I have attempted to implement rapidfuzz
for approximate matching but something appears to be bottle necking or slowing down the processing time significantly. I also implemented parallel processing to help with the size of the data. The print statement print('Beginning Parallel Processing:')
prints as expected and it seems to work as anticipated until after this point when parallel processing begins. I will mark the location on my code. How would I optimize my code so that I could achieve the most efficient comparison of two databases using approximate matching techniques? I am trying to become better at debugging, so any suggestions to implement better practices are also welcome -- especially relating to fixing this code. Code below:
Libs:
from rapidfuzz import fuzz, process
from concurrent.futures import ProcessPoolExecutor
import pandas as pd
import re
import numpy as np
import pyodbc
Functions:
def query(query,connection):
pd.read_sql(query,connection)
# selects the best approximate match
def fuzzy_match(client, choices, threshold):
'''Function for finding the best approximate matches'''
best_match, score = process.extractOne(client,choices)

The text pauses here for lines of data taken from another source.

(* Let $n\ge2$ and $d>2$. Let $S=\{\mathbf{m}\in T_{n,d}:\max(\mathbf{m})\ge d-1\}$ and let $A\subseteq\mathbb{N}^n$ be the semigroup generated by $S$. Then $\mathcal{A}_{n,d}\setminus A$ is finite. More precisely, if $\mathbf{e}\in\mathcal{A}_{n,d}$ satisfies $\max(\mathbf{e})\ge(n-1)(d^2-d)$, then $\mathbf{e}\in A$. Consequently, for any semigroup $B$ generated by a set $U$ with $S\subseteq U\subseteq T_{n,d}$, the set $\mathcal{A}_{n,d}\setminus B$ is finite.
   Context: For $\mathbf{a}\in\mathbb{N}^n$, $|\mathbf{a}|=\sum_i a_i$ and $\max(\mathbf{a})=\max_i a_i$. $T_{n,d}=\{\mathbf{a}\in\mathbb{N}^n:|\mathbf{a}|=d\}$ and $\mathcal{A}_{n,d}$ is the additive semigroup generated by $T_{n,d}$. *)

From mathcomp Require Import all_boot.
Set Implicit Arguments. Unset Strict Implicit. Unset Printing Implicit Defensive.

Definition vec (n : nat) := {ffun 'I_n -> nat}.

Definition vsum n (a : vec n) : nat := \sum_(i < n) a i.
(* max(a) = largest coordinate (0 for n = 0) *)
Definition vmax n (a : vec n) : nat := \max_(i < n) a i.

Definition vzero n : vec n := [ffun => 0].
Definition vadd n (a b : vec n) : vec n := [ffun i => a i + b i].

Definition Tnd n d (a : vec n) : Prop := vsum a = d.

Inductive gen_semigroup n (U : vec n -> Prop) : vec n -> Prop :=
| gen_zero : gen_semigroup U (vzero n)
| gen_add u x : U u -> gen_semigroup U x -> gen_semigroup U (vadd u x).

Definition Aset n d := gen_semigroup (@Tnd n d).

Definition finite_diff n (X Y : vec n -> Prop) : Prop :=
  exists s : seq (vec n), forall e, X e -> ~ Y e -> e \in s.

From mathcomp Require Import all_boot zify.
Set Implicit Arguments. Unset Strict Implicit. Unset Printing Implicit Defensive.

(* Fix a coordinate i0 where e is maximal.  Generators d*x_j (j != i0) first
   reduce every other coordinate below d; then the off-axis part has size at
   most (n-1)(d-1), and each of its units is removed together with d-1 units
   of the i0-th coordinate by a generator x_j + (d-1)x_{i0}.  The bound
   (n-1)(d^2-d) >= (n-1)(d-1)^2 guarantees that coordinate i0 never runs out;
   what remains is a multiple of d on the axis i0, a sum of copies of d*x_{i0}.
   Hence only vectors of bounded max can lie outside the semigroup. *)

Definition vsub n (a b : vec n) : vec n := [ffun i => a i - b i].
Definition vdelta n (i : 'I_n) c : vec n := [ffun k => if k == i then c else 0].

Definition Snd n d (m : vec n) : Prop := @Tnd n d m /\ d - 1 <= vmax m.

Section Vectors.
Variable n : nat.
Implicit Types (a b e u : vec n) (i j : 'I_n).

Lemma vdeltaE i c k : vdelta i c k = if k == i then c else 0.
Proof. by rewrite ffunE. Qed.

Lemma vdelta0 i : vdelta i 0 = vzero n.
Proof. by apply/ffunP=> k; rewrite !ffunE if_same. Qed.

Lemma vdeltaD i c1 c2 : vdelta i (c1 + c2) = vadd (vdelta i c1) (vdelta i c2).
Proof. by apply/ffunP=> k; rewrite !ffunE; case: ifP. Qed.

Lemma vadd_subK u e : (forall i, u i <= e i) -> vadd u (vsub e u) = e.
Proof. by move=> le_ue; apply/ffunP=> i; rewrite !ffunE subnKC. Qed.

Lemma vsum_add a b : vsum (vadd a b) = vsum a + vsum b.
Proof. by rewrite /vsum -big_split; apply: eq_bigr => i _; rewrite ffunE. Qed.

Lemma vsum_sub u e : (forall i, u i <= e i) -> vsum (vsub e u) = vsum e - vsum u.
Proof. by move=> le_ue; rewrite -{2}(vadd_subK le_ue) vsum_add addKn. Qed.

Lemma vsumD1 e i : vsum e = e i + \sum_(k | k != i) e k.
Proof. by rewrite /vsum (bigD1 i). Qed.

Lemma leq_coord_vsum e i : e i <= vsum e.
Proof. by rewrite (vsumD1 e i) leq_addr. Qed.

Lemma leq_coord_vmax e i : e i <= vmax e.
Proof. exact: leq_bigmax. Qed.

Lemma vsum_vdelta i c : vsum (vdelta i c) = c.
Proof.
rewrite (vsumD1 _ i) vdeltaE eqxx big1 ?addn0 // => k /negbTE.
by rewrite vdeltaE => ->.
Qed.

Lemma vmax_vdelta i c : c <= vmax (vdelta i c).
Proof. by apply: leq_trans (leq_coord_vmax _ i); rewrite vdeltaE eqxx. Qed.

Lemma vsum_eq_coord e i : vsum e = e i -> e = vdelta i (e i).
Proof.
move=> /eqP; rewrite (vsumD1 e i) -{2}[e i]addn0 eqn_add2l sum_nat_eq0.
move=> /forall_inP off0; apply/ffunP=> k; rewrite vdeltaE.
by case: eqP => [-> // | /eqP ki]; apply/eqP; exact: off0.
Qed.

Lemma off_axis_pos e i : e i < vsum e -> exists2 j, j != i & 0 < e j.
Proof.
rewrite (vsumD1 e i) -{1}[e i]addn0 ltn_add2l lt0n sum_nat_eq0.
by move=> /forall_inPn[j ji ej]; exists j; rewrite // lt0n.
Qed.

End Vectors.

Section Semigroup.
Variable n : nat.
Implicit Types (S U : vec n -> Prop) (e u : vec n).

Lemma gen_semigroup_mono S U e :
  (forall m, S m -> U m) -> gen_semigroup S e -> gen_semigroup U e.
Proof. by move=> SU; elim=> [|u x Su _ IH]; constructor; auto. Qed.

Lemma gen_semigroup_subr S u e : S u -> (forall i, u i <= e i) ->
  gen_semigroup S (vsub e u) -> gen_semigroup S e.
Proof. by move=> Su le_ue rest; rewrite -(vadd_subK le_ue); constructor. Qed.

Lemma Aset_dvdn d e : @Aset n d e -> d %| vsum e.
Proof.
elim=> [|u x Tu _ IH]; last by rewrite vsum_add Tu dvdn_add.
by rewrite /vsum big1 // => i _; rewrite ffunE.
Qed.

Lemma finite_diff_vmax_bounded (X Y : vec n -> Prop) M :
  (forall e, X e -> ~ Y e -> vmax e <= M) -> finite_diff X Y.
Proof.
move=> bounded.
exists [seq [ffun i => val (f i)] : vec n | f : {ffun 'I_n -> 'I_M.+1} <- enum {ffun 'I_n -> 'I_M.+1}].
move=> e Xe notYe; apply/mapP; exists [ffun i => inord (e i)]; first exact: mem_enum.
apply/ffunP=> i; rewrite !ffunE /= inordK // ltnS.
exact: leq_trans (leq_coord_vmax e i) (bounded e Xe notYe).
Qed.

End Semigroup.

Section NearPureGenerators.
Variables n d : nat.
Hypothesis d_gt0 : 0 < d.
Local Notation S := (@Snd n d).
Implicit Types (e : vec n) (i j : 'I_n).

Lemma Snd_vdelta i : S (vdelta i d).
Proof. by split; [exact: vsum_vdelta | apply: leq_trans (vmax_vdelta i d); lia]. Qed.

Lemma Snd_vdelta_mix i j : j != i -> S (vadd (vdelta j 1) (vdelta i (d - 1))).
Proof.
move=> ji; split; first by rewrite /Tnd vsum_add !vsum_vdelta; lia.
apply: leq_trans (leq_coord_vmax _ i).
by rewrite ffunE !vdeltaE eqxx eq_sym (negbTE ji).
Qed.

Lemma gen_Snd_axis i c : d %| c -> gen_semigroup S (vdelta i c).
Proof.
move=> /dvdnP[k ->]; elim: k => [|k IH]; first by rewrite vdelta0; constructor.
by rewrite mulSn vdeltaD; constructor; first exact: Snd_vdelta.
Qed.

Lemma gen_Snd_small_off_axis i e :
  d %| vsum e -> (d - 1) * (vsum e - e i) <= e i -> gen_semigroup S e.
Proof.
have [k] := ubnP (vsum e - e i); elim: k e => // k IH e off_lt dvd_e bound_e.
have [off0 | off_pos] := leqP (vsum e) (e i).
  have sum_ei : vsum e = e i by apply/eqP; rewrite eqn_leq off0 leq_coord_vsum.
  by rewrite (vsum_eq_coord sum_ei); apply: gen_Snd_axis; rewrite -sum_ei.
have [j ji ej] := off_axis_pos off_pos.
have ei_ge : d - 1 <= e i by apply: leq_trans bound_e; rewrite leq_pmulr ?subn_gt0.
set u := vadd (vdelta j 1) (vdelta i (d - 1)).
have uE l : u l = (l == j) + (if l == i then d - 1 else 0) by rewrite ffunE !vdeltaE.
have le_ue l : u l <= e l.
  by rewrite uE; case: eqP => [-> | _]; [rewrite (negbTE ji) | case: eqP => [-> | _]].
have sum_u : vsum u = d by rewrite vsum_add !vsum_vdelta; lia.
have ui : u i = d - 1 by rewrite uE eqxx eq_sym (negbTE ji).
apply: (gen_semigroup_subr (Snd_vdelta_mix ji) le_ue).
have ei' : vsub e u i = e i - (d - 1) by rewrite ffunE ui.
have ei_le := leq_coord_vsum e i.
apply: IH; rewrite ?vsum_sub // ?sum_u ?ei' ?dvdn_sub //; first lia.
have -> : vsum e - d - (e i - (d - 1)) = vsum e - e i - 1 by lia.
by rewrite mulnBr muln1 leq_sub2r.
Qed.

Lemma gen_Snd_large_coord i e :
  d %| vsum e -> (n - 1) * (d - 1) * (d - 1) <= e i -> gen_semigroup S e.
Proof.
have [k] := ubnP (vsum e); elim: k e => // k IH e sum_lt dvd_e large_ei.
case: (pickP (fun j => (j != i) && (d <= e j))) => [j /andP[ji ej] | small].
  have le_de l : vdelta j d l <= e l.
    by rewrite vdeltaE; case: eqP => [-> |].
  apply: (gen_semigroup_subr (Snd_vdelta j) le_de).
  have ej_le := leq_coord_vsum e j.
  apply: IH; rewrite ?vsum_sub // ?vsum_vdelta ?dvdn_sub //; first lia.
  by rewrite ffunE vdeltaE eq_sym (negbTE ji) subn0.
apply: (gen_Snd_small_off_axis dvd_e); apply: leq_trans large_ei.
rewrite mulnC leq_mul2r (vsumD1 e i) addKn; apply/orP; right.
have -> : (n - 1) * (d - 1) = \sum_(j | j != i) (d - 1).
  by rewrite sum_nat_const cardC1 card_ord subn1.
by apply: leq_sum => j ji; move: (small j); rewrite /= ji /=; lia.
Qed.

Lemma gen_Snd_large_vmax e : 0 < n ->
  @Aset n d e -> (n - 1) * (d ^ 2 - d) <= vmax e -> gen_semigroup S e.
Proof.
move=> n_gt0 Ae large.
have [i vmax_ei] : {i | vmax e = e i} by apply: eq_bigmax; rewrite card_ord.
apply: (gen_Snd_large_coord (i := i) (Aset_dvdn Ae)); rewrite -vmax_ei.
apply: leq_trans large; have -> : d ^ 2 - d = d * (d - 1) by rewrite mulnBr muln1.
by rewrite -mulnA leq_mul2l leq_mul2r leq_subr !orbT.
Qed.

End NearPureGenerators.

Theorem lemma5p1 (n d : nat) : 2 <= n -> 2 < d ->
  let S := fun m : vec n => @Tnd n d m /\ d - 1 <= vmax m in
  finite_diff (@Aset n d) (gen_semigroup S) /\
  (forall e : vec n, @Aset n d e -> (n - 1) * (d ^ 2 - d) <= vmax e ->
     gen_semigroup S e) /\
  (forall U : vec n -> Prop, (forall m, S m -> U m) -> (forall m, U m -> @Tnd n d m) ->
     finite_diff (@Aset n d) (gen_semigroup U)).
Proof.
move=> n_ge2 d_gt2 S.
have d_gt0 : 0 < d by lia.
have large_in_S e := @gen_Snd_large_vmax n d d_gt0 e (ltnW n_ge2).
have outside_bounded U : (forall m, S m -> U m) -> forall e,
    @Aset n d e -> ~ gen_semigroup U e -> vmax e <= (n - 1) * (d ^ 2 - d).
  move=> SU e Ae notUe; rewrite leqNgt; apply/negP => /ltnW large.
  exact/notUe/(gen_semigroup_mono SU)/large_in_S.
split; first exact/finite_diff_vmax_bounded/outside_bounded.
split=> // U SU _; exact/finite_diff_vmax_bounded/outside_bounded.
Qed.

return best_match if score >= threshold else None
# returns the best approximate matching with correlating Party value
def process_batch(batch_clients):
'''Takes batches of clients and returns approximate match value based on their fuzzy threshold'''
# store the matches
matches = []
# convert our df column lists to a series
plaintiff_series = pd.Series(plaintiff_choices)
defendant_series = pd.Series(defendant_choices)

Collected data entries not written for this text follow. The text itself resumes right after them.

(* Let $(R,\mathfrak{m},k)$ be a commutative Noetherian local ring and let $n$ be a positive integer. Let $x_1,\dots,x_n,y\in\mathfrak{m}$ be elements such that the ideal $(x_1,x_2,\dots,x_n,y)$ has minimal number of generators $n+1$. Let $p,q\in R$ satisfy $(x_1+py,x_2,\dots,x_n)=(x_1+qy,x_2,\dots,x_n)$ as ideals of $R$. Then $\overline p=\overline q$ in $k=R/\mathfrak{m}$. *)

From mathcomp Require Import all_boot all_algebra.
Set Implicit Arguments. Unset Strict Implicit. Unset Printing Implicit Defensive.
Import GRing.Theory.
Local Open Scope ring_scope.

Section CommAlg.
Variable R : comNzRingType.

Definition is_ideal (I : R -> Prop) : Prop :=
  [/\ I 0, (forall a b, I a -> I b -> I (a + b)) &
      (forall r a, I a -> I (r * a))].

Definition same_ideal (I J : R -> Prop) : Prop := forall r, I r <-> J r.

Definition ideal_gen (s : seq R) : R -> Prop :=
  fun r => exists c : seq R, size c = size s /\
             r = \sum_(i < size s) c`_i * s`_i.

Definition noetherian : Prop :=
  forall I, is_ideal I -> exists s : seq R, same_ideal I (ideal_gen s).

Definition proper_ideal (I : R -> Prop) : Prop := is_ideal I /\ ~ I 1.

Definition maximal_ideal (m : R -> Prop) : Prop :=
  proper_ideal m /\
  forall J, proper_ideal J -> (forall r, m r -> J r) -> same_ideal J m.

Definition local_ring_with (m : R -> Prop) : Prop :=
  maximal_ideal m /\ forall m', maximal_ideal m' -> same_ideal m' m.

Definition min_num_gens (I : R -> Prop) (n : nat) : Prop :=
  (exists s : seq R, size s = n /\ same_ideal I (ideal_gen s)) /\
  (forall s : seq R, same_ideal I (ideal_gen s) -> (n <= size s)%N).

End CommAlg.

(* Write the hypothesis as x1 + p y = a (x1 + q y) + w with w in (x2, ..., xn),
   i.e. (p - a q) y + (1 - a) x1 = w.  If 1 - a is a unit, x1 is redundant among
   the generators x1, ..., xn, y; otherwise p - q is congruent to p - a q modulo m,
   so if p - q were a unit then so would be p - a q, and y would be redundant.
   Either way the ideal would need fewer than n + 1 generators.  Units are the
   elements outside m because, R being Noetherian, every proper ideal lies in a
   maximal ideal, which can only be m. *)

From Pilot Require Import Defs.
From mathcomp Require Import all_boot all_algebra.
From mathcomp Require Import ring.
From Stdlib Require Import Classical ClassicalEpsilon.
Set Implicit Arguments. Unset Strict Implicit.
Import GRing.Theory.
Local Open Scope ring_scope.

Section Ideals.
Variable R : comNzRingType.
Implicit Types (a b r u v z : R) (I J : R -> Prop) (s t : seq R).

Lemma idealN I a : is_ideal I -> I a -> I (- a).
Proof. by move=> [_ _ idM] Ia; rewrite -mulN1r; apply: idM. Qed.

Lemma idealB I a b : is_ideal I -> I a -> I b -> I (a - b).
Proof. by move=> idI Ia Ib; case: (idI) => _ idD _; apply: idD => //; apply: idealN. Qed.

Lemma ideal_unit_mull I u v z : is_ideal I -> v * u = 1 -> I (u * z) -> I z.
Proof. by move=> [_ _ idM] vu1 Iuz; rewrite -[z]mul1r -vu1 -mulrA; apply: idM. Qed.

Lemma ideal_gen_nil r : ideal_gen [::] r <-> r = 0.
Proof.
split; first by case=> c [_ ->]; rewrite big_ord0.
by move=> ->; exists [::]; rewrite big_ord0.
Qed.

Lemma ideal_gen_cons z s r :
  ideal_gen (z :: s) r <-> exists a w, ideal_gen s w /\ r = a * z + w.
Proof.
split=> [[[|a c] [//= [sz_c] ->]] | [a [w [[c [sz_c ->]] ->]]]].
  by exists a, (\sum_(i < size s) c`_i * s`_i); rewrite big_ord_recl; split=> //; exists c.
by exists (a :: c); rewrite /= sz_c big_ord_recl.
Qed.

Lemma ideal_gen_is_ideal s : is_ideal (ideal_gen s).
Proof.
elim: s => [|z s [id0 idD idM]].
  split=> [|a b|r a]; rewrite ?ideal_gen_nil //.
    by move=> -> ->; rewrite addr0.
  by move=> ->; rewrite mulr0.
split=> [|a b|r a]; rewrite !ideal_gen_cons.
- by exists 0, 0; split; [exact: id0 | ring].
- move=> [a1 [w1 [sw1 ->]]] [a2 [w2 [sw2 ->]]].
  by exists (a1 + a2), (w1 + w2); split; [apply: idD | ring].
- move=> [a1 [w1 [sw1 ->]]].
  by exists (r * a1), (r * w1); split; [apply: idM | ring].
Qed.

Lemma ideal_gen_consr z s r : ideal_gen s r -> ideal_gen (z :: s) r.
Proof. by move=> sr; apply/ideal_gen_cons; exists 0, r; rewrite mul0r add0r. Qed.

Lemma mem_ideal_gen s z : z \in s -> ideal_gen s z.
Proof.
elim: s => [//|z' s IH]; rewrite in_cons => /orP [/eqP ->|sz].
  apply/ideal_gen_cons; exists 1, 0; rewrite mul1r addr0; split=> //.
  by case: (ideal_gen_is_ideal s).
exact/ideal_gen_consr/IH.
Qed.

Lemma ideal_gen_sub s I : is_ideal I ->
  (forall z, z \in s -> I z) -> forall r, ideal_gen s r -> I r.
Proof.
move=> [I0 idD idM]; elim: s => [|z s IH] sI r; first by move/ideal_gen_nil ->.
case/ideal_gen_cons => a [w [sw ->]]; apply: idD; first by apply/idM/sI/mem_head.
by apply: IH sw => z' sz'; apply: sI; rewrite in_cons sz' orbT.
Qed.

Lemma ideal_gen_perm s t : perm_eq s t -> same_ideal (ideal_gen s) (ideal_gen t).
Proof.
move=> st r; split; apply: ideal_gen_sub; try exact: ideal_gen_is_ideal.
  by move=> z; rewrite (perm_mem st); apply: mem_ideal_gen.
by move=> z; rewrite -(perm_mem st); apply: mem_ideal_gen.
Qed.

Lemma ideal_gen_cons_redundant z s :
  ideal_gen s z -> same_ideal (ideal_gen (z :: s)) (ideal_gen s).
Proof.
move=> sz r; split; last exact: ideal_gen_consr.
have [_ idD idM] := ideal_gen_is_ideal s.
by case/ideal_gen_cons => a [w [sw ->]]; apply: idD => //; apply: idM.
Qed.

Lemma min_num_gens_same_ideal I J k :
  same_ideal I J -> min_num_gens I k -> min_num_gens J k.
Proof.
move=> IJ [[s [sz_s Is]] min_k]; split.
  by exists s; split=> // r; rewrite -IJ.
by move=> t Jt; apply: min_k => r; rewrite IJ.
Qed.

Lemma min_num_gens_irredundant z s :
  min_num_gens (ideal_gen (z :: s)) (size s).+1 -> ~ ideal_gen s z.
Proof.
by move=> [_ min_k] sz; have := min_k _ (ideal_gen_cons_redundant sz); rewrite ltnn.
Qed.

End Ideals.

Section Noetherian.
Variable R : comNzRingType.
Hypothesis noethR : noetherian R.

Lemma noetherian_chain_stationary (I : nat -> R -> Prop) :
  (forall k, is_ideal (I k)) -> (forall k r, I k r -> I k.+1 r) ->
  exists k, forall r, I k.+1 r -> I k r.
Proof.
move=> idI incI.
have leI k k' r : (k <= k')%N -> I k r -> I k' r.
  by move=> /subnK <-; elim: (k' - k)%N => // d IH /IH /incI.
pose U r := exists k, I k r.
have idU : is_ideal U.
  split=> [|a b [k1 Ia] [k2 Ib]|r a [k Ia]]; first by exists 0%N; case: (idI 0%N).
    exists (maxn k1 k2); case: (idI (maxn k1 k2)) => _ idD _.
    by apply: idD; [apply: leI Ia; rewrite leq_maxl | apply: leI Ib; rewrite leq_maxr].
  by exists k; case: (idI k) => _ _ idM; apply: idM.
have [s genU] := noethR idU.
have [K sK] : exists K, forall z, z \in s -> I K z.
  have : forall z, z \in s -> U z by move=> z /mem_ideal_gen /genU.
  elim: s {genU} => [|z s IH] sU; first by exists 0%N.
  have [K1 sK1] : exists K, forall z, z \in s -> I K z.
    by apply: IH => z' sz'; apply: sU; rewrite in_cons sz' orbT.
  have [K2 zK2] := sU z (mem_head _ _).
  exists (maxn K1 K2) => z'; rewrite in_cons => /orP [/eqP ->|sz'].
    by apply: leI zK2; rewrite leq_maxr.
  by apply: leI (sK1 _ sz'); rewrite leq_maxl.
by exists K => r IK1r; apply: (ideal_gen_sub (idI K) sK); apply/genU; exists K.+1.
Qed.

(* Without a maximal ideal above I one could choose a strictly increasing chain
   of proper ideals starting at I, contradicting stationarity. *)
Lemma exists_maximal_ideal (I : R -> Prop) :
  Defs.proper_ideal I -> exists M, maximal_ideal M /\ forall r, I r -> M r.
Proof.
move=> propI; apply: NNPP => noM.
have grow J : exists K, Defs.proper_ideal J -> (forall r, I r -> J r) ->
    [/\ Defs.proper_ideal K, forall r, J r -> K r & exists r, K r /\ ~ J r].
  have [[propJ IJ] | notJ] := classic (Defs.proper_ideal J /\ forall r, I r -> J r);
    last by exists J => propJ IJ; case: notJ.
  apply: NNPP => noK; apply: noM; exists J; split=> //; split=> // K propK JK r.
  split=> [Kr|]; last exact: JK.
  apply: NNPP => nJr; apply: noK; exists K => _ _; split=> //; by exists r.
have [nxt Hnxt] := choice _ grow.
pose ch k := iter k nxt I.
have ch_ok k : Defs.proper_ideal (ch k) /\ forall r, I r -> ch k r.
  elim: k => [|k [propk Ik]] //=.
  by have [propk1 kk1 _] := Hnxt _ propk Ik; split=> // r /Ik /kk1.
have incr k r : ch k r -> ch k.+1 r.
  by have [propk Ik] := ch_ok k; have [_ kk1 _] := Hnxt _ propk Ik; apply: kk1.
have [k stat] := noetherian_chain_stationary (fun k => (ch_ok k).1.1) incr.
have [propk Ik] := ch_ok k; have [_ _ [r [k1r nkr]]] := Hnxt _ propk Ik.
exact: nkr (stat r k1r).
Qed.

End Noetherian.

Section NoetherianLocal.
Variables (R : comNzRingType) (m : R -> Prop).
Hypotheses (noethR : noetherian R) (locR : local_ring_with m).

Lemma local_ring_notin_unit u : ~ m u -> exists v, v * u = 1.
Proof.
move=> mu; apply: NNPP => nounit.
pose Ru r := exists v, r = v * u.
have propRu : Defs.proper_ideal Ru.
  split; last by case=> v /esym vu1; apply: nounit; exists v.
  split=> [|a b [va ->] [vb ->]|r a [va ->]]; first by exists 0; rewrite mul0r.
    by exists (va + vb); rewrite mulrDl.
  by exists (r * va); rewrite mulrA.
have [M [maxM RuM]] := exists_maximal_ideal noethR propRu.
by apply/mu/(locR.2 M maxM)/RuM; exists 1; rewrite mul1r.
Qed.

Lemma local_perturbed_generator_congr x1 y p q ks :
  ~ ideal_gen (x1 :: ks) y -> ~ ideal_gen (y :: ks) x1 ->
  same_ideal (ideal_gen (x1 + p * y :: ks)) (ideal_gen (x1 + q * y :: ks)) ->
  m (p - q).
Proof.
move=> y_irr x1_irr same_pq.
have idm : is_ideal m by case: locR => [[[]]].
have /ideal_gen_cons [a [w [ksw Ew]]] : ideal_gen (x1 + q * y :: ks) (x1 + p * y).
  by apply/same_pq/mem_ideal_gen/mem_head.
have Eyx : (p - a * q) * y + (1 - a) * x1 = w.
  by apply: (addrI (a * (x1 + q * y))); rewrite -Ew; ring.
apply: NNPP => npq.
have [m1a | nm1a] := classic (m (1 - a)).
- have npaq : ~ m (p - a * q).
    move=> mpaq; apply: npq; rewrite (_ : p - q = (p - a * q) - q * (1 - a)); last by ring.
    by apply: idealB => //; case: idm => _ _ idM; apply: idM.
  have [v vu1] := local_ring_notin_unit npaq.
  have idx := ideal_gen_is_ideal (x1 :: ks).
  apply/y_irr/(ideal_unit_mull idx vu1).
  rewrite (_ : _ * y = w - (1 - a) * x1); last by rewrite -Eyx; ring.
  apply: idealB => //; first exact: ideal_gen_consr.
  by case: idx => _ _ idM; apply/idM/mem_ideal_gen/mem_head.
- have [v vu1] := local_ring_notin_unit nm1a.
  have idy := ideal_gen_is_ideal (y :: ks).
  apply/x1_irr/(ideal_unit_mull idy vu1).
  rewrite (_ : _ * x1 = w - (p - a * q) * y); last by rewrite -Eyx; ring.
  apply: idealB => //; first exact: ideal_gen_consr.
  by case: idy => _ _ idM; apply/idM/mem_ideal_gen/mem_head.
Qed.

End NoetherianLocal.

Theorem lemma3p7 (R : comNzRingType) (m : R -> Prop) (n : nat)
  (x : 'I_n.+1 -> R) (y p q : R) :
  noetherian R -> local_ring_with m ->
  (forall i, m (x i)) -> m y ->
  min_num_gens (ideal_gen (rcons [seq x i | i <- enum 'I_n.+1] y)) n.+2 ->
  same_ideal (ideal_gen [seq (if i == ord0 then x i + p * y else x i) | i <- enum 'I_n.+1])
             (ideal_gen [seq (if i == ord0 then x i + q * y else x i) | i <- enum 'I_n.+1]) ->
  m (p - q).
Proof.
(* Minimality of the generating family is all that is used. *)
move=> noethR locR _ _ min_gens same_pq.
set ks := [seq x (lift ord0 j) | j <- enum 'I_n].
have sz_ks : size ks = n by rewrite size_map size_enum_ord.
have xsE : [seq x i | i <- enum 'I_n.+1] = x ord0 :: ks.
  by rewrite enum_ordSl /= -map_comp.
have perturbE c : [seq (if i == ord0 then x i + c * y else x i) | i <- enum 'I_n.+1]
    = x ord0 + c * y :: ks.
  by rewrite enum_ordSl /= -map_comp.
have {}min_gens : min_num_gens (ideal_gen (rcons (x ord0 :: ks) y)) (size ks).+2.
  by rewrite sz_ks -xsE.
rewrite !perturbE in same_pq.
apply: (local_perturbed_generator_congr noethR locR _ _ same_pq);
  apply: min_num_gens_irredundant; apply: min_num_gens_same_ideal min_gens;
  apply: ideal_gen_perm.
- by rewrite perm_rcons perm_refl.
- by rewrite /= perm_cons perm_rcons perm_refl.
Qed.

batch_series = pd.Series(batch_clients)
plaintiff_match, plaintiff_score = fuzzy_match(batch_series, plaintiff_series)
defendant_match, defendant_score = fuzzy_match(batch_series, defendant_series)
high_confidence_threshold = 75
low_confidence_threshold = 60
plaintiff_high_confidence_mask = plaintiff_score >= high_confidence_threshold
plaintiff_low_confidence_mask = (low_confidence_threshold <= plaintiff_score) & (plaintiff_score < high_confidence_threshold)
defendant_high_confidence_mask = defendant_score >= high_confidence_threshold
defendant_low_confidence_mask = (low_confidence_threshold <= defendant_score) & (defendant_score < high_confidence_threshold)
matches.extend(["High Confidence - Plaintiff" if x else "Low Confidence - Plaintiff" if y else "No Match" for x, y in zip(plaintiff_high_confidence_mask, plaintiff_low_confidence_mask)])
matches.extend(["High Confidence - Defendant" if x else "Low Confidence - Defendant" if y else "No Match" for x, y in zip(defendant_high_confidence_mask, defendant_low_confidence_mask)])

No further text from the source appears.